Robust Hamiltonian Engineering for Interacting Qudit Systems
- URL: http://arxiv.org/abs/2305.09757v1
- Date: Tue, 16 May 2023 19:12:41 GMT
- Title: Robust Hamiltonian Engineering for Interacting Qudit Systems
- Authors: Hengyun Zhou, Haoyang Gao, Nathaniel T. Leitao, Oksana Makarova, Iris
Cong, Alexander M. Douglas, Leigh S. Martin, Mikhail D. Lukin
- Abstract summary: We develop a formalism for the robust dynamical decoupling and Hamiltonian engineering of strongly interacting qudit systems.
We experimentally demonstrate these techniques in a strongly-interacting, disordered ensemble of spin-1 nitrogen-vacancy centers.
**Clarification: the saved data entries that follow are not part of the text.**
(* Let $I$ be a dyadic interval with left half $I_l$ and right half $I_r$, and let $\Psi(x_1,\ldots,x_m)$ be a bounded measurable function. Then $$\sum_{\substack{S\subseteq\{1,\ldots,m\}\\|S|\ \text{even}}}\Big[\big\langle\Psi(x_1,\ldots,x_m)\big\rangle_{x_i\in I\ (i\in S)}\Big]_{x_i\in I\ (i\notin S)}=\frac12\big[\Psi(x_1,\ldots,x_m)\big]_{x_1,\ldots,x_m\in I_l}+\frac12\big[\Psi(x_1,\ldots,x_m)\big]_{x_1,\ldots,x_m\in I_r}.$$ In particular, if $\Psi\geq 0$, then the left-hand sum is nonnegative.
   Context: For a dyadic interval $I$ and integrable $f$, $[f(x)]_{x\in I}:=\frac{1}{|I|}\int_I f$ and $\langle f(x)\rangle_{x\in I}:=\frac{1}{|I|}\big(\int_{I_l}f-\int_{I_r}f\big)$; brackets with several subscripted variables denote iterated averages in each variable (for $[\cdot]_{x\in I_l}$ the average is over $I_l$). The sum includes $S=\emptyset$. *)

From HB Require Import structures.
From mathcomp Require Import all_boot all_order all_algebra.
From mathcomp Require Import all_classical all_reals all_analysis.
Set Implicit Arguments. Unset Strict Implicit. Unset Printing Implicit Defensive.
Import Order.TTheory GRing.Theory Num.Theory.
Local Open Scope classical_set_scope.
Local Open Scope ring_scope.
- Score: 50.591267188664666
- License: http://arxiv.org/licenses/nonexclusive-distrib/1.0/
- Abstract: We develop a formalism for the robust dynamical decoupling and Hamiltonian
engineering of strongly interacting qudit systems. Specifically, we present a
geometric formalism that significantly simplifies qudit pulse sequence design,
while incorporating the necessary robustness conditions. We experimentally
demonstrate these techniques in a strongly-interacting, disordered ensemble of
spin-1 nitrogen-vacancy centers, achieving over an order of magnitude
improvement in coherence time over existing pulse sequences. We further
describe how our techniques enable the engineering of exotic many-body
phenomena such as quantum many-body scars, and allow enhanced sensitivities for
quantum metrology. These results enable the engineering of a whole new class of
complex qudit Hamiltonians, with wide-reaching applications in dynamical
decoupling, many-body physics and quantum metrology.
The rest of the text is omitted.